We have started an experiment of sorts, consisting of an erratic fan base, a highly pressurized coach and a hockey team that has been mostly dead for the better part of a decade. How will these three elements co-exist?
The fan base is emotional, hair triggered, and not afraid to rain their angst down on anything or anyone in their path, justified or otherwise. Tortorella, for his part, is best described as a time bomb. You know it is going to explode. It is just a matter of when, on whom, and what is left after the explosion. The team, which lately has made an art of lying down and taking beatings from fans and opponents alike, will get to see how much “help” their soft candy shell can absorb from one of the coaching ranks most demanding members.
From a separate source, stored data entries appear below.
Lemma neumann_solution f : exists z, z - L z = f.
Proof.
have [z lim_z] := hcomplete (neumann_sum_cauchy f).
exists z; apply/eqP; rewrite -subr_eq0; apply/eqP/hnorm_eq0/eqP.
rewrite eq_le hnorm_ge0 andbT; apply/ler_addgt0Pr => e e_gt0; rewrite add0r.
have e3_gt0 : 0 < e / 3 by rewrite divr_gt0.
have [N1 near_z] := lim_z _ e3_gt0.
have [N2 small_tail] := geometric_eventually (hnorm f) r_ge0 r_lt1 e3_gt0.
pose n := maxn N1 N2; pose S := neumann_sum L n f.
have Sz : hnorm (S - z) < e / 3 := near_z n (leq_maxl _ _).
have tail : hnorm f * r ^+ n < e / 3 := small_tail n (leq_maxr _ _).
(* [S - L S = f - L^n f], so the defect of [z] is controlled by [|z - S|] and [|L^n f|]. *)
have -> : z - L z - f = (z - S) - L (z - S) - iter n L f.
  rewrite (linB L_lin) opprD opprK addrACA (addrC (- S)) -(opprB S).
  by rewrite neumann_sum_sub -[RHS]addrA -opprD subrK.
apply: le_trans (hnormD _ _) _; rewrite hnormN.
apply: le_trans (lerD (hnormD _ _) (hnorm_iter_le n f)) _.
rewrite hnormN; rewrite hnormB in Sz; rewrite mulrC in tail.
have := L_le (z - S); have := ler_piMl (hnorm_ge0 (z - S)) (ltW r_lt1).
lra.
Qed.

End NeumannSeries.

Definition lam_op {R : realType} {d : nat} {M : hilbert R}
    (T : 'I_d -> M -> M) (lam : cpoint R d) (z : M) : M :=
  \sum_(j < d) lam j *: T j z.

Definition cnorm {R : realType} {d : nat} (lam : cpoint R d) : R :=
  Num.sqrt (\sum_(j < d) csq (lam j)).

Definition row_contraction {R : realType} {d : nat} {M : hilbert R}
    (T : 'I_d -> M -> M) : Prop :=
  forall z, \sum_(j < d) hnorm (T j z) ^+ 2 <= hnorm z ^+ 2.

Section RowOperator.
Context {R : realType} {d : nat} {M : hilbert R} {T : 'I_d -> M -> M}.
Implicit Type lam : cpoint R d.

Lemma lam_op_linear lam : (forall j, linear (T j)) -> linear (lam_op T lam).
Proof.
move=> T_lin a x y; rewrite /lam_op scaler_sumr -big_split /=; apply: eq_bigr => j _.
by rewrite T_lin scalerDr !scalerA mulrC.
Qed.

Lemma cnorm_ge0 lam : 0 <= cnorm lam.
Proof. exact: sqrtr_ge0. Qed.

Lemma cnorm_lt1 {lam} : in_ball lam -> cnorm lam < 1.
Proof. by move=> lam_ball; rewrite -sqrtr1 ltr_sqrt ?ltr01. Qed.

Lemma hnorm_lam_op_le lam z : row_contraction T ->
  hnorm (lam_op T lam z) <= cnorm lam * hnorm z.
Proof.
move=> T_contr; rewrite /lam_op; apply: le_trans (hnorm_sum _ _ _) _.
under eq_bigr do rewrite hnormZ.
apply: le_trans (sum_mul_le_sqrt _ _ _ _) _.
under eq_bigr do rewrite sqr_cabs.
rewrite ler_wpM2l ?cnorm_ge0 // -ler_sqr ?nnegrE ?sqrtr_ge0 ?hnorm_ge0 //.
by rewrite sqr_sqrtr ?T_contr // sumr_ge0 // => j _; exact: sqr_ge0.
Qed.

Lemma lam_op_resolvent_exists {lam} f : (forall j, linear (T j)) -> row_contraction T ->
  in_ball lam -> exists z, z - lam_op T lam z = f.
Proof.
move=> T_lin T_contr lam_ball; apply: (neumann_solution (lam_op_linear lam T_lin) (cnorm_ge0 lam)
  (cnorm_lt1 lam_ball)) => z; exact: hnorm_lam_op_le.
Qed.

End RowOperator.

Section Words.
Context {d : nat}.
Implicit Types (w : seq 'I_d) (n : mindex d).

Fixpoint words k : seq (seq 'I_d) :=
  if k is k'.+1 then [seq j :: w | j <- index_enum 'I_d, w <- words k'] else [:: [::]].

Lemma big_words_S (V : nmodType) k (F : seq 'I_d -> V) :
  \sum_(w <- words k.+1) F w = \sum_(j < d) \sum_(w <- words k) F (j :: w).
Proof. exact: big_allpairs_dep. Qed.

Lemma size_words k w : w \in words k -> size w = k.
Proof.
elim: k w => [|k IH] w; first by rewrite inE => /eqP->.
by case/allpairsPdep => j [w' [_ /IH <- ->]].
Qed.

Definition abel w : mindex d := fun i => count_mem i w.

Definition abel_eq w n : bool := [forall i, abel w i == n i].

Lemma mabs_abel w : mabs (abel w) = size w.
Proof.
rewrite /mabs /abel; elim: w => [|j w IH] /=; first by rewrite big1.
rewrite big_split /= IH (bigD1 j) //= eqxx big1 ?add1n // => i.
by rewrite eq_sym => /negbTE ->.
Qed.

Lemma abel_eq_mabs {w n} : abel_eq w n -> mabs n = size w.
Proof.
by move/forallP => wn; rewrite -mabs_abel; apply: eq_bigr => i _; exact/esym/eqP/wn.
Qed.

Definition mdec n j : mindex d := fun i => (n i - (i == j))%N.

Lemma abel_eq_cons j w n : abel_eq (j :: w) n = (0 < n j)%N && abel_eq w (mdec n j).
Proof.
apply/forallP/andP => [wn|[nj_gt0 /forallP wn] i].
  have wn' i : ((j == i) + count_mem i w)%N = n i by exact: eqP (wn i).
  split; first by rewrite -wn' eqxx.
  by apply/forallP => i; rewrite /mdec -wn' (eq_sym i j) addKn.
rewrite /= (eqP (wn i)) /mdec.
by case: (eqVneq j i) => [<-|_] /=; rewrite ?add1n ?subn1 ?prednK ?add0n ?subn0.
Qed.

Lemma mfact_mdec {n j} : (0 < n j)%N -> mfact n = (n j * mfact (mdec n j))%N.
Proof.
move=> nj_gt0; rewrite /mfact (bigD1 j) //= [in RHS](bigD1 j) //= /mdec eqxx mulnA.
rewrite -{1}(prednK nj_gt0) factS prednK // subn1; congr (_ * _)%N.
by apply: eq_bigr => i /negbTE ->; rewrite subn0.
Qed.

Lemma mabs_mdec {n j} : (0 < n j)%N -> mabs n = (mabs (mdec n j)).+1.
Proof.
move=> nj_gt0; rewrite /mabs (bigD1 j) //= [in RHS](bigD1 j) //= /mdec eqxx.
rewrite [in RHS](eq_bigr n) => [|i /negbTE ->]; last by rewrite subn0.
by rewrite -addSn subn1 prednK.
Qed.

Lemma count_abel_eq_mfact {k n} : mabs n = k ->
  (count (abel_eq^~ n) (words k) * mfact n = k`!)%N.
Proof.
elim: k n => [|k IH] n.
  move/eqP; rewrite /mabs sum_nat_eq0 => /forallP n0.
  have nE i : n i = 0%N by exact/eqP/n0.
  have n_abel_nil : abel_eq [::] n by apply/forallP => i; rewrite nE.
  by rewrite /= n_abel_nil /mfact big1 // => i _; rewrite nE.
move=> nk; rewrite -sum1_count big_mkcond big_words_S big_distrl /=.
have -> : k.+1`! = (\sum_(j < d) k`! * n j)%N.
  by rewrite -big_distrr /= -/(mabs n) nk factS mulnC.
apply: eq_bigr => j _; have [nj0|nj_gt0] := posnP (n j).
  by rewrite big1 ?mul0n ?nj0 ?muln0 // => w _; rewrite abel_eq_cons nj0.
under eq_bigr do rewrite abel_eq_cons nj_gt0 /=.
rewrite -big_mkcond sum1_count (mfact_mdec nj_gt0) mulnCA IH 1?mulnC //.
by move: nk; rewrite (mabs_mdec nj_gt0) => -[].
Qed.

Lemma sum_deg_le_abel_eq (V : nmodType) N w (x : V) : (size w <= N)%N ->
  sum_deg_le N (fun n => if abel_eq w n then x else 0) = x.
Proof.
move=> wN; pose m0 : {ffun 'I_d -> 'I_N.+1} := [ffun k => inord (abel w k)].
have m0E k : (m0 k : nat) = abel w k.
  by rewrite ffunE inordK // ltnS (leq_trans (count_size _ _) wN).
have w_m0 : abel_eq w (fun k => m0 k : nat) by apply/forallP => k; rewrite m0E.
have m0_deg : (\sum_(k < d) (m0 k : nat) <= N)%N.
  by have := abel_eq_mabs w_m0; rewrite /mabs => ->.
rewrite /sum_deg_le (bigD1 m0) //= w_m0 big1 ?addr0 // => m /andP[_ m_neq].
case: ifP => // /forallP wm; case/eqP: m_neq; apply/ffunP => k; apply/val_inj.
by rewrite /= m0E; exact/esym/eqP/wm.
Qed.

Lemma sum_deg_le_words (V : nmodType) N (F : seq 'I_d -> V) :
  sum_deg_le N (fun n => \sum_(w <- words (mabs n) | abel_eq w n) F w) =
  \sum_(k < N.+1) \sum_(w <- words k) F w.
Proof.
symmetry; transitivity (\sum_(k < N.+1) \sum_(w <- words k)
    sum_deg_le N (fun n => if abel_eq w n then F w else 0)).
  apply: eq_bigr => k _; apply: eq_big_seq => w /size_words wk.
  by rewrite sum_deg_le_abel_eq // wk -ltnS.
rewrite /sum_deg_le; under eq_bigr do rewrite exchange_big.
rewrite exchange_big; apply: eq_bigr => m m_deg /=.
set n := fun k => nat_of_ord (m k).
rewrite (bigD1 (inord (mabs n))) ?inordK ?ltnS //= [in RHS]big_mkcond.
rewrite [X in _ + X]big1 ?addr0 // => k k_neq.
apply: big1_seq => w /size_words wk; case: ifP => // /abel_eq_mabs.
by rewrite wk => nk; case/eqP: k_neq; apply/val_inj; rewrite /= nk inordK.
Qed.

End Words.

Section Monomials.
Context {R : realType} {d : nat}.
Implicit Types (lam : cpoint R d) (w : seq 'I_d).

Lemma mpow_abel_nil lam : mpow lam (abel [::]) = 1.
Proof. by rewrite /mpow big1 // => i _; rewrite expr0. Qed.

Lemma mpow_abel_cons lam j w : mpow lam (abel (j :: w)) = lam j * mpow lam (abel w).
Proof.
rewrite /mpow /abel /=; under eq_bigr do rewrite exprD.
rewrite big_split /= (bigD1 j) //= eqxx expr1 big1 ?mulr1 // => i.
by rewrite eq_sym => /negbTE ->; rewrite expr0.
Qed.

Lemma mpow_abel_eq lam w n : abel_eq w n -> mpow lam (abel w) = mpow lam n.
Proof. by move/forallP => wn; apply: eq_bigr => i _; rewrite (eqP (wn i)). Qed.

End Monomials.

Lemma in_ball0 {R : realType} {d : nat} : in_ball (@cpoint0 R d).
Proof. by rewrite /in_ball big1 ?ltr01 // => j _; rewrite /csq /cpoint0 mul0r. Qed.

Section BackwardShift.
Context {R : realType} {d : nat} {Y M : hilbert R} {ev : M -> cpoint R d -> Y}.
Context {T : 'I_d -> M -> M}.
Hypothesis ev_fun : function_space ev.
Hypothesis T_bdd : forall j, bounded_linear (T j).
Hypothesis ev_rec : forall f lam, in_ball lam ->
  ev f lam - ev f cpoint0 = \sum_(j < d) lam j *: ev (T j f) lam.
Hypothesis T_contr0 : forall f,
  \sum_(j < d) hnorm (T j f) ^+ 2 <= hnorm f ^+ 2 - hnorm (ev f cpoint0) ^+ 2.

Definition ev_at0 (f : M) : Y := ev f cpoint0.

Lemma ev_linear {lam} : in_ball lam -> linear (ev^~ lam).
Proof. by move=> lam_ball a f g; exact: ev_fun.1. Qed.

Lemma ev_at0_linear : linear ev_at0.
Proof. exact: ev_linear in_ball0. Qed.

Lemma T_linear j : linear (T j).
Proof. exact: (T_bdd j).1. Qed.

Lemma T_row_contraction : row_contraction T.
Proof. by move=> f; have := T_contr0 f; have := sqr_ge0 (hnorm (ev_at0 f)); lra. Qed.

Lemma hnorm_ev_at0_le f : hnorm (ev_at0 f) <= hnorm f.
Proof.
rewrite -ler_sqr ?nnegrE ?hnorm_ge0 //.
have := T_contr0 f; have : 0 <= \sum_(j < d) hnorm (T j f) ^+ 2.
  by apply: sumr_ge0 => j _; exact: sqr_ge0.
rewrite /ev_at0; lra.
Qed.

Lemma ev_at0_resolvent {lam z f} : in_ball lam ->
  z - lam_op T lam z = f -> ev_at0 z = ev f lam.
Proof.
move=> lam_ball <-; rewrite (linB (ev_linear lam_ball)) /lam_op.
rewrite (lin_sum (ev_linear lam_ball)).
under eq_bigr do rewrite (linZ (ev_linear lam_ball)).
by rewrite -(ev_rec z lam lam_ball) opprB addrC subrK.
Qed.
Tortorella’s style demands maximum effort, something that has been absent from the Flyers since Jeff Carter’s heyday. As much as the lack of effort some nights irritates fans, Tortorella will feel it more so. He will take it personally, and because of this the players that dog it, will pay for it. I must admit I like that. It makes me wish Voracek and Patrick were still on the team.
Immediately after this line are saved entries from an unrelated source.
(* Let $m\ge1$ and let $Q$ be a quadratic form on $\mathbb{F}_2^{\oplus2m}$ of Arf invariant $1$ with polar form the standard alternating form $\langle,\rangle$. Let $\mathrm{O}(Q)\subset\mathrm{Sp}_{2m}(\mathbb{F}_2)$ be the group of $\mathbb{F}_2$-linear automorphisms preserving $Q$, with identity $e$. Then there exist $\sigma,\tau\in\mathrm{O}(Q)$ such that: (a) $\sigma\neq e$; (b) $\tau^2=e$; (c) $\tau\sigma\tau=\sigma^{-1}$; (d) for every $i$ with $\sigma^i\neq e$, $\sigma^i$ has no non-zero fixed vector in $\mathbb{F}_2^{\oplus2m}$; (e) for every integer $i$, $\tau\sigma^i$ has a non-zero fixed vector $x$ (possibly depending on $i$) with $Q(x)=1$.
   Context: The standard alternating form on $\mathbb{F}_2^{\oplus2m}$ with basis $e_1,\dots,e_m,f_1,\dots,f_m$: $\langle e_i,e_j\rangle=\langle f_i,f_j\rangle=0$, $\langle e_i,f_j\rangle=\langle f_j,e_i\rangle=\delta_{ij}$. A quadratic form with polar form $\langle,\rangle$ is $Q:\mathbb{F}_2^{\oplus 2m}\to\mathbb{F}_2$ with $Q(x+y)-Q(x)-Q(y)=\langle x,y\rangle$. Its Arf invariant is $\sum_{i=1}^m Q(e_i)Q(f_i)$ for any symplectic basis; equivalently it is the $a\in\{0,1\}$ such that $\#\{x: Q(x)=a\}=2^{m-1}(2^m+1)$. *)

From HB Require Import structures.
From mathcomp Require Import all_boot all_order all_algebra all_fingroup.
Set Implicit Arguments. Unset Strict Implicit. Unset Printing Implicit Defensive.
Import GRing.Theory.
Local Open Scope ring_scope.

(* V = F_2^{2m} as row vectors; coordinates lshift m i <-> e_i, rshift m i <-> f_i *)
Notation V m := 'rV['F_2]_(m + m).

Definition e_vec (m : nat) (i : 'I_m) : V m := delta_mx 0 (lshift m i).
Definition f_vec (m : nat) (i : 'I_m) : V m := delta_mx 0 (rshift m i).

Definition std_form (m : nat) (x y : V m) : 'F_2 :=
  \sum_(i < m) (x 0 (lshift m i) * y 0 (rshift m i)
                + x 0 (rshift m i) * y 0 (lshift m i)).

Definition is_quadratic_form (m : nat) (Q : V m -> 'F_2) : Prop :=
  forall x y : V m, Q (x + y) - Q x - Q y = std_form x y.

Definition arf (m : nat) (Q : V m -> 'F_2) : 'F_2 :=
  \sum_(i < m) Q (e_vec i) * Q (f_vec i).

Definition in_OQ (m : nat) (Q : V m -> 'F_2) (g : {perm V m}) : Prop :=
  (forall (a : 'F_2) (x y : V m), g (a *: x + y) = a *: g x + g y) /\
  (forall x : V m, Q (g x) = Q x).

Definition gpowz (gT : finGroupType) (g : gT) (i : int) : gT :=
  match i with
  | Posz n => (g ^+ n)%g
  | Negz n => ((g ^+ n.+1)^-1)%g
  end.

From HB Require Import structures.
From mathcomp Require Import all_boot all_order all_algebra all_fingroup.
From mathcomp Require Import cyclic finfield zify ring.
Set Implicit Arguments. Unset Strict Implicit. Unset Printing Implicit Defensive.
Import GRing.Theory.
Local Open Scope ring_scope.

(* Let q = 2^m, K = F_(q^2) and L = F_q.  The norm form z |-> Tr_(L/F_2)(z^(q+1))
   is a quadratic form on the 2m-dimensional F_2-space K with polar form
   Tr (z w^q + z^q w).  Writing K = L + L theta with theta^q = theta + 1 and taking
   F_2-bases (l_i), (l'_i) of L that are dual for the trace form, the coordinates
   x |-> sum x_i l_i + (sum y_i l'_i) theta turn this polar form into the standard
   one, and the Arf invariant becomes Tr (N theta) = 1.  Quadratic forms with the
   same polar form and the same Arf invariant differ by a transvection, so Q is
   isometric to the norm form.  There, multiplication by an element zeta of order
   q + 1 preserves the norm and fixes no nonzero vector unless it is trivial, and
   the Frobenius z |-> z^q is an involution inverting zeta.  Writing zeta = g^(q-1)
   for a generator g of K^*, the map z |-> (zeta^i z)^q fixes s g^i for all s in L,
   and the norms s^2 N(g^i) of these run over L^*, so one of them has trace 1. *)

Lemma F2_cases (b : 'F_2) : b = 0 \/ b = 1.
Proof. by case: b => [[|[|n]]] //= lt_b; [left | right]; apply: val_inj. Qed.

Lemma F2_pchar : 2%N \in [pchar 'F_2]. Proof. exact: pchar_Fp. Qed.

Lemma sum_delta_mull (R : pzSemiRingType) (I : finType) (F : I -> R) (i : I) :
  \sum_j (i == j)%:R * F j = F i.
Proof.
rewrite (bigD1 i) //= eqxx mul1r big1 ?addr0 // => j /negbTE.
by rewrite eq_sym => ->; rewrite mul0r.
Qed.

Lemma sum_delta_ord_nat (R : comPzSemiRingType) n (F : 'I_n -> R) i (lt_in : (i < n)%N) :
  \sum_(j < n) F j * (i == j)%:R = F (Ordinal lt_in).
Proof.
rewrite -(sum_delta_mull F); apply: eq_bigr => j _.
by rewrite mulrC -[i]/(val (Ordinal lt_in)) val_eqE.
Qed.

Lemma gpowz_expg (gT : finGroupType) (x : gT) (i : int) : exists n, gpowz x i = (x ^+ n)%g.
Proof.
case: i => n; first by exists n.
by exists (#[x]%g.-1 * n.+1)%N; rewrite /= -expgVn invg_expg expgM.
Qed.

Section SymplecticSpace.
Variable m : nat.
Implicit Types (x y z a : V m) (i j : 'I_m).

Lemma oppvF2 x : - x = x.
Proof. by apply/rowP => k; rewrite mxE (oppr_pchar2 F2_pchar). Qed.

Lemma addvvF2 x : x + x = 0.
Proof. by rewrite -{2}[x]oppvF2 subrr. Qed.

Lemma additive_F2linear (f : V m -> V m) : {morph f : x y / x + y} ->
  forall (a : 'F_2) x y, f (a *: x + y) = a *: f x + f y.
Proof. by move=> fD a x y; case: (F2_cases a) => ->; rewrite ?scale0r ?add0r ?scale1r. Qed.

Lemma e_vec_lshift i j : e_vec i 0 (lshift m j) = (i == j)%:R.
Proof. by rewrite mxE eqxx eq_lshift eq_sym. Qed.
Lemma e_vec_rshift i j : e_vec i 0 (rshift m j) = 0.
Proof. by rewrite mxE eq_rlshift andbF. Qed.
Lemma f_vec_lshift i j : f_vec i 0 (lshift m j) = 0.
Proof. by rewrite mxE eq_lrshift andbF. Qed.
Lemma f_vec_rshift i j : f_vec i 0 (rshift m j) = (i == j)%:R.
Proof. by rewrite mxE eqxx eq_rshift eq_sym. Qed.

Lemma additive_eq0_on_basis (D : V m -> 'F_2) : {morph D : x y / x + y} ->
  (forall i, D (e_vec i) = 0) -> (forall i, D (f_vec i) = 0) -> forall x, D x = 0.
Proof.
move=> DD De Df x; have D0 : D 0 = 0 by apply: (addrI (D 0)); rewrite -DD !addr0.
rewrite (row_sum_delta x) (big_morph D DD D0) big1 // => k _.
case: (F2_cases (x 0 k)) => ->; first by rewrite scale0r.
by rewrite scale1r -(splitK k); case: (split k) => j /=; [exact: De | exact: Df].
Qed.

Lemma std_formC x y : std_form x y = std_form y x.
Proof. by apply: eq_bigr => i _; ring. Qed.

Lemma std_formDr x y z : std_form x (y + z) = std_form x y + std_form x z.
Proof. by rewrite /std_form -big_split; apply: eq_bigr => i _ /=; rewrite !mxE; ring. Qed.

Lemma std_formZr x y (b : 'F_2) : std_form x (b *: y) = b * std_form x y.
Proof. by rewrite /std_form mulr_sumr; apply: eq_bigr => i _; rewrite !mxE; ring. Qed.

Lemma std_form_xx x : std_form x x = 0.
Proof. by rewrite /std_form big1 // => i _; rewrite mulrC (addrr_pchar2 F2_pchar). Qed.

Lemma std_form_e x i : std_form x (e_vec i) = x 0 (rshift m i).
Proof.
rewrite /std_form -(sum_delta_mull (fun j => x 0 (rshift m j)) i).
by apply: eq_bigr => j _; rewrite e_vec_lshift e_vec_rshift mulr0 add0r mulrC.
Qed.

Lemma std_form_f x i : std_form x (f_vec i) = x 0 (lshift m i).
Proof.
rewrite /std_form -(sum_delta_mull (fun j => x 0 (lshift m j)) i).
by apply: eq_bigr => j _; rewrite f_vec_lshift f_vec_rshift mulr0 addr0 mulrC.
Qed.

Definition transvection a x : V m := x + std_form a x *: a.

Lemma transvectionK a : involutive (transvection a).
Proof.
move=> x; rewrite /transvection std_formDr std_formZr std_form_xx mulr0 addr0.
by rewrite -addrA addvvF2 addr0.
Qed.

Lemma transvectionD a : {morph transvection a : x y / x + y}.
Proof. by move=> x y; rewrite /transvection std_formDr scalerDl addrACA. Qed.

Lemma is_quadratic_formP (Q : V m -> 'F_2) :
  (forall x y, Q (x + y) = Q x + Q y + std_form x y) -> is_quadratic_form Q.
Proof. by move=> QD x y; rewrite QD; ring. Qed.

Section QuadraticForm.
Variable Q : V m -> 'F_2.
Hypothesis hQ : is_quadratic_form Q.

Lemma quadratic_formD x y : Q (x + y) = Q x + Q y + std_form x y.
Proof. by move/eqP: (hQ x y); rewrite !subr_eq => /eqP ->; ring. Qed.

Lemma quadratic_form_coord x : Q x = \sum_i (x 0 (lshift m i) * Q (e_vec i)
   + x 0 (rshift m i) * Q (f_vec i) + x 0 (lshift m i) * x 0 (rshift m i)).
Proof.
pose P x := \sum_(i < m) (x 0 (lshift m i) * Q (e_vec i)
   + x 0 (rshift m i) * Q (f_vec i) + x 0 (lshift m i) * x 0 (rshift m i)).
have PD y z : P (y + z) = P y + P z + std_form y z.
  by rewrite /P /std_form -!big_split; apply: eq_bigr => i _ /=; rewrite !mxE; ring.
apply/eqP; rewrite -subr_eq0 -/(P x); apply/eqP; move: x.
apply: additive_eq0_on_basis.
- by move=> y z; rewrite quadratic_formD PD; ring.
- move=> i; rewrite /P (eq_bigr (fun j => (i == j)%:R * Q (e_vec j))).
    by rewrite sum_delta_mull subrr.
  by move=> j _; rewrite e_vec_lshift e_vec_rshift !mul0r !mulr0 !addr0.
- move=> i; rewrite /P (eq_bigr (fun j => (i == j)%:R * Q (f_vec j))).
    by rewrite sum_delta_mull subrr.
  by move=> j _; rewrite f_vec_lshift f_vec_rshift !mul0r add0r addr0.
Qed.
Tortorella’s view on work ethic is part of the city’s ethos and something that the fan base will embrace. The smaller, less talented team, standing toe to toe with the New Yorks and DCs of the worlds, and then beating them because they were tougher, they wanted it more, because their will would not break. In the best possible case, it is the hockey version of Rocky. We could see this collection of elements morph into something special.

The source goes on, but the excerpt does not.